Fellowship / Fellows

Tamar Schapiro

  • 2011–2012
  • Humanities
  • Stanford University
Headshot of Tamar Schapiro
Photo by Tony Rinaldo

This information is accurate as of the fellowship year indicated for each fellow.

Tamar Schapiro is an associate professor of philosophy at Stanford University, where she studies theories of morality, practical reasoning, and agency. She has written a series of articles focusing on the question of how to conceive of moral rules such that they have the rigidity of principles while allowing for appropriate exceptions. Her work on this topic has appeared in Ethics, the Journal of Philosophy, and Noûs.

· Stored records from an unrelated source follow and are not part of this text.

(* Let $N\in\mathbb N$ and let $f\in R_J(N)$ be nonzero. Then every extreme point of $\nu_J(f)$ lies in $\operatorname{supp}(f)$, and $$\nu_J(f)=\operatorname{Closure}_{\mathbb R^2}\bigl(\operatorname{conv}(\operatorname{supp}(f);\vec A)\bigr)=\operatorname{conv}(\operatorname{supp}(f);\vec A).$$
   Context: $R(N)=\mathbb C[\zeta^{1/N},\zeta^{-1/N}]((q^{1/N}))$ is the ring of formal series $f=\sum_{n,r\in\frac1N\mathbb Z}c(n,r)q^n\zeta^r$ such that for each $n$ only finitely many $r$ have $c(n,r)\ne0$ and $n$ is bounded below on the support $\operatorname{supp}(f)=\{(n,r): c(n,r)\neq0\}$. $R_J(N)$ is the set of $f\in R(N)$ for which there exist $a>0$ and $b,c\in\mathbb R$ with $\operatorname{supp}(f)\subseteq\{(n,r)\in\mathbb R^2: n\ge ar^2+br+c\}$. Let $\vec A=\{(1,0)\}\subset\mathbb R^2$ (the direction of the ray $[0,\infty)\times\{0\}$). For $P\subseteq\mathbb R^2$, $\operatorname{conv}(P;\vec A)=\operatorname{conv}(P)+[0,\infty)\times\{0\}$, i.e. all $\sum_i\alpha_ip_i+\beta(1,0)$ with $p_i\in P$, $\alpha_i\ge0$, $\sum\alpha_i=1$, $\beta\ge0$ (finite sums). The Jacobi valuation is $\nu_J(f)=\operatorname{Closure}_{\mathbb R^2}(\operatorname{conv}(\operatorname{supp}(f);\vec A))$. An extreme point of a convex set $C$ is a point of $C$ not in the relative interior of any line segment contained in $C$. *)

From HB Require Import structures.
From mathcomp Require Import all_boot all_order all_algebra.
From mathcomp Require Import complex.
From mathcomp Require Import all_classical all_reals all_analysis.
Set Implicit Arguments. Unset Strict Implicit. Unset Printing Implicit Defensive.
Import Order.TTheory GRing.Theory Num.Theory.
Import numFieldNormedType.Exports.
Local Open Scope classical_set_scope.
Local Open Scope ring_scope.

(* An element f of R(N) = C[zeta^{1/N},zeta^{-1/N}]((q^{1/N})) is encoded by its
   coefficient function: c a b is the coefficient of q^{a/N} zeta^{b/N}
   (a b : int); C is modelled as the complex numbers R[i] over R : realType. *)
Definition coeffs (R : realType) := int -> int -> R[i].

Definition in_RN (R : realType) (f : coeffs R) : Prop :=
  (forall a : int, finite_set [set b : int | f a b != 0]) /\
  (exists m : int, forall a b : int, f a b != 0 -> m <= a).

Definition supp (R : realType) (N : nat) (f : coeffs R) : set (R * R) :=
  [set p | exists a b : int,
     p = ((a%:~R / N%:R : R), (b%:~R / N%:R : R)) /\ f a b != 0].

Definition in_RJ (R : realType) (N : nat) (f : coeffs R) : Prop :=
  in_RN f /\
  exists (a b c : R), 0 < a /\
    supp N f `<=` [set p | a * p.2 ^+ 2 + b * p.2 + c <= p.1].

(* conv(P; A) with A = {(1,0)}: finite convex combinations of points of P
   plus beta (1,0), beta >= 0 *)
Definition conv_dir (R : realType) (P : set (R * R)) : set (R * R) :=
  [set x | exists (k : nat) (p : 'I_k -> R * R) (alpha : 'I_k -> R) (beta : R),
     [/\ (forall i, P (p i)), (forall i, 0 <= alpha i),
         \sum_(i < k) alpha i = 1, 0 <= beta &
         x = (\sum_(i < k) alpha i * (p i).1 + beta,
              \sum_(i < k) alpha i * (p i).2)]].

Definition nuJ (R : realType) (N : nat) (f : coeffs R) : set (R * R) :=
  closure (conv_dir (supp N f)).

Definition segpt (R : realType) (y z : R * R) (t : R) : R * R :=
  ((1 - t) * y.1 + t * z.1, (1 - t) * y.2 + t * z.2).

Definition extreme_point (R : realType) (C : set (R * R)) (x : R * R) : Prop :=
  C x /\
  forall y z : R * R, y <> z ->
    (forall t : R, 0 <= t <= 1 -> C (segpt y z t)) ->
    forall t : R, 0 < t < 1 -> x <> segpt y z t.

From HB Require Import structures.
From mathcomp Require Import all_boot all_order all_algebra.
From mathcomp Require Import complex.
From mathcomp Require Import all_classical all_reals all_analysis.
From mathcomp Require Import lra ring zify.
Import Order.TTheory GRing.Theory Num.Theory.
Import numFieldNormedType.Exports.

(* Extreme points: a point of conv(S; A) that carries a positive shift along
   (1,0), or gives a vertex p_j a weight strictly between 0 and 1, is interior to
   a segment contained in conv(S; A); so an extreme point is a vertex.

   Closedness: let (n, r) lie in the closure of conv(S; A) and consider the chords
   of S meeting the line of second coordinate r (points of S on that line count as
   degenerate chords).  Since the second coordinates of S lie in (1/N)Z and S lies
   above a parabola, the chords meeting the line left of a given one have their
   endpoints in a bounded box, which contains only finitely many points of S; so
   some chord meets the line at a leftmost point (mu, r).  By minimality every
   slope from a point of S below the line to (mu, r) is at most every slope from
   (mu, r) to a point of S above it, so a line through (mu, r) keeps S, hence the
   closure, on the side of (1,0).  Thus n >= mu, and (n, r) is that meeting point
   shifted along (1,0). *)

Set Implicit Arguments.
Unset Strict Implicit.
Unset Printing Implicit Defensive.
Local Open Scope classical_set_scope.
Local Open Scope ring_scope.

Section DirectedCombinations.
Variable R : realType.
Implicit Types (P : set (R * R)) (x y : R * R).

Definition dircomb k (p : 'I_k -> R * R) (alpha : 'I_k -> R) (beta : R) : R * R :=
  (\sum_(i < k) alpha i * (p i).1 + beta, \sum_(i < k) alpha i * (p i).2).

Definition convex_weights k (alpha : 'I_k -> R) : Prop :=
  (forall i, 0 <= alpha i) /\ \sum_(i < k) alpha i = 1.

Lemma conv_dir_dircomb P k (p : 'I_k -> R * R) (alpha : 'I_k -> R) beta :
  (forall i, P (p i)) -> convex_weights alpha -> 0 <= beta ->
  conv_dir P (dircomb p alpha beta).
Proof. by move=> Pp [alpha_ge0 alpha_sum] beta_ge0; exists k, p, alpha, beta. Qed.

Lemma segpt_dircomb k (p : 'I_k -> R * R) (alpha alpha' : 'I_k -> R) beta beta' t :
  segpt (dircomb p alpha beta) (dircomb p alpha' beta') t =
  dircomb p (fun i => (1 - t) * alpha i + t * alpha' i) ((1 - t) * beta + t * beta').
Proof.
have mix (g : 'I_k -> R) : \sum_(i < k) ((1 - t) * alpha i + t * alpha' i) * g i =
    (1 - t) * \sum_(i < k) alpha i * g i + t * \sum_(i < k) alpha' i * g i.
  by rewrite !mulr_sumr -big_split; apply: eq_bigr => i _ /=; ring.
by rewrite /segpt /dircomb /= !mix; congr pair; ring.
Qed.

Lemma convex_weights_mix k (alpha alpha' : 'I_k -> R) t :
  convex_weights alpha -> convex_weights alpha' -> 0 <= t <= 1 ->
  convex_weights (fun i => (1 - t) * alpha i + t * alpha' i).
Proof.
move=> [ge0 sum1] [ge0' sum1'] /andP[t_ge0 t_le1]; split.
  by move=> i; apply: addr_ge0; apply: mulr_ge0 => //; lra.
by rewrite big_split /= -!mulr_sumr sum1 sum1'; ring.
Qed.

Lemma conv_dir_segpt P k (p : 'I_k -> R * R) (alpha alpha' : 'I_k -> R) beta beta' t :
  (forall i, P (p i)) -> convex_weights alpha -> convex_weights alpha' ->
  0 <= beta -> 0 <= beta' -> 0 <= t <= 1 ->
  conv_dir P (segpt (dircomb p alpha beta) (dircomb p alpha' beta') t).
Proof.
move=> Pp w w' beta_ge0 beta'_ge0 t01; rewrite segpt_dircomb.
apply: conv_dir_dircomb => //; first exact: convex_weights_mix.
by case/andP: t01 => t_ge0 t_le1; apply: addr_ge0; apply: mulr_ge0 => //; lra.
Qed.

Lemma segpt_id x t : segpt x x t = x.
Proof. by case: x => x1 x2; rewrite /segpt /=; congr pair; ring. Qed.

Lemma segpt1 x y : segpt x y 1 = y.
Proof. by case: y => y1 y2; rewrite /segpt /=; congr pair; ring. Qed.

Definition unit_weight k (j : 'I_k) : 'I_k -> R := fun i => if i == j then 1 else 0.

Lemma dircomb_unit_weight k (p : 'I_k -> R * R) j : dircomb p (unit_weight j) 0 = p j.
Proof.
have pick (g : 'I_k -> R) : \sum_(i < k) unit_weight j i * g i = g j.
  by rewrite (bigD1 j) //= /unit_weight eqxx mul1r big1 ?addr0 // => i /negPf ->; rewrite mul0r.
by rewrite /dircomb !pick addr0; case: (p j).
Qed.

(* For [alpha j = 1] this divides by 0 and gives the zero function;
   [dircomb_split] still holds because the other weights then vanish. *)
Definition residual_weights k (alpha : 'I_k -> R) (j : 'I_k) : 'I_k -> R :=
  fun i => if i == j then 0 else alpha i / (1 - alpha j).

Lemma dircomb_split k (p : 'I_k -> R * R) (alpha : 'I_k -> R) j :
  convex_weights alpha ->
  dircomb p alpha 0 = segpt (dircomb p (residual_weights alpha j) 0) (p j) (alpha j).
Proof.
move=> [ge0 sum1].
rewrite -(dircomb_unit_weight p j) segpt_dircomb; congr dircomb; last by ring.
apply: funext => i; rewrite /residual_weights /unit_weight.
have [->|ij] := eqVneq i j; first by ring.
rewrite mulr0 addr0.
have [alpha_j1|alpha_j_neq1] := eqVneq (alpha j) 1; last first.
  by rewrite mulrC divfK // subr_eq0 eq_sym.
have others0 : \sum_(l < k | l != j) alpha l = 0.
  by move: sum1; rewrite (bigD1 j) //= alpha_j1; lra.
move/eqP: others0; rewrite psumr_eq0 // => /allP /(_ i).
by rewrite mem_index_enum ij => /(_ isT) /eqP ->; rewrite mul0r mulr0.
Qed.

Lemma convex_weights_residual k (alpha : 'I_k -> R) j :
  convex_weights alpha -> alpha j < 1 -> convex_weights (residual_weights alpha j).
Proof.
move=> [ge0 sum1] lt1; split => [i|].
  by rewrite /residual_weights; case: eqP => // _; apply: divr_ge0 => //; lra.
rewrite (bigD1 j) //= /residual_weights eqxx add0r.
under eq_bigr => i /negPf -> do [].
rewrite -mulr_suml.
have -> : \sum_(i < k | i != j) alpha i = 1 - alpha j.
  by move: sum1; rewrite (bigD1 j) //=; lra.
by rewrite divff // subr_eq0 eq_sym lt_eqF.
Qed.

Lemma convex_weights_unit_weight k (j : 'I_k) : convex_weights (unit_weight j).
Proof.
split => [i|]; first by rewrite /unit_weight; case: eqP.
by rewrite (bigD1 j) //= /unit_weight eqxx big1 ?addr0 // => i /negPf ->.
Qed.

Lemma extreme_point_conv_dir P x : extreme_point (conv_dir P) x -> P x.
Proof.
move=> [[k [p [alpha [beta [Pp alpha_ge0 sum1 beta_ge0 x_eq]]]]]].
rewrite (_ : x = dircomb p alpha beta) // => extreme.
have w : convex_weights alpha by [].
have [beta_gt0|beta_le0] := ltP 0 beta.
  have neq : dircomb p alpha 0 <> dircomb p alpha (2 * beta).
    by move=> /(congr1 fst) /=; lra.
  have mid : dircomb p alpha beta =
      segpt (dircomb p alpha 0) (dircomb p alpha (2 * beta)) (1 / 2).
    by rewrite segpt_dircomb; congr dircomb; [apply: funext => i|]; field.
  case: (extreme _ _ neq _ (1 / 2) _ mid); last lra.
  by move=> t t01; apply: conv_dir_segpt => //; lra.
have beta0 : beta = 0 by apply/eqP; rewrite eq_le beta_le0 beta_ge0.
subst beta.
have [j alpha_j_gt0] : exists j, 0 < alpha j.
  apply: contrapT => none; move: sum1; rewrite big1 => [/eqP|i _].
    by rewrite eq_sym oner_eq0.
  by apply/eqP; rewrite eq_le alpha_ge0 andbT leNgt; apply/negP => pos; apply: none; exists i.
rewrite (dircomb_split p j w).
have [alpha_j1|alpha_j_neq1] := eqVneq (alpha j) 1; first by rewrite alpha_j1 segpt1.
have alpha_j_lt1 : alpha j < 1.
  by rewrite lt_neqAle alpha_j_neq1 -sum1 (bigD1 j) //= lerDl; exact: sumr_ge0.
set q := dircomb p _ 0.
have [->|neq] := eqVneq q (p j); first by rewrite segpt_id.
case: (extreme q (p j) (elimN eqP neq) _ (alpha j)); last exact: dircomb_split.
- move=> t t01; rewrite /q -(dircomb_unit_weight p j).
  apply: conv_dir_segpt => //; first exact: convex_weights_residual.
  exact: convex_weights_unit_weight.
- by apply/andP.
Qed.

At the Radcliffe Institute, Schapiro will work on a new project in moral psychology. Plato, Aristotle, Thomas Aquinas, and Immanuel Kant all conceived of human beings as having both rational and nonrational motivational capacities. Given this picture, how exactly are we to conceive of the nonrational motivational capacity? In what sense is it nonrational, and how does it engage with reason? Is it best conceived as a something or a someone? Is it identifiable with us or is it external to us? And how does it contribute to action that counts as our own? Schapiro hopes to revive this area of inquiry, which was central to the thought of the ancients but has received only sporadic attention in contemporary moral philosophy and philosophy of action.

Schapiro received her BA from Yale University and her PhD from Harvard University. Before joining the department at Stanford, she was a member of the Harvard Society of Fellows. She has also received fellowships from the Andrew W. Mellon Foundation, the Harvard Center for Ethics and the Professions, the Mrs. Giles Whiting Foundation, and the Stanford Humanities Center.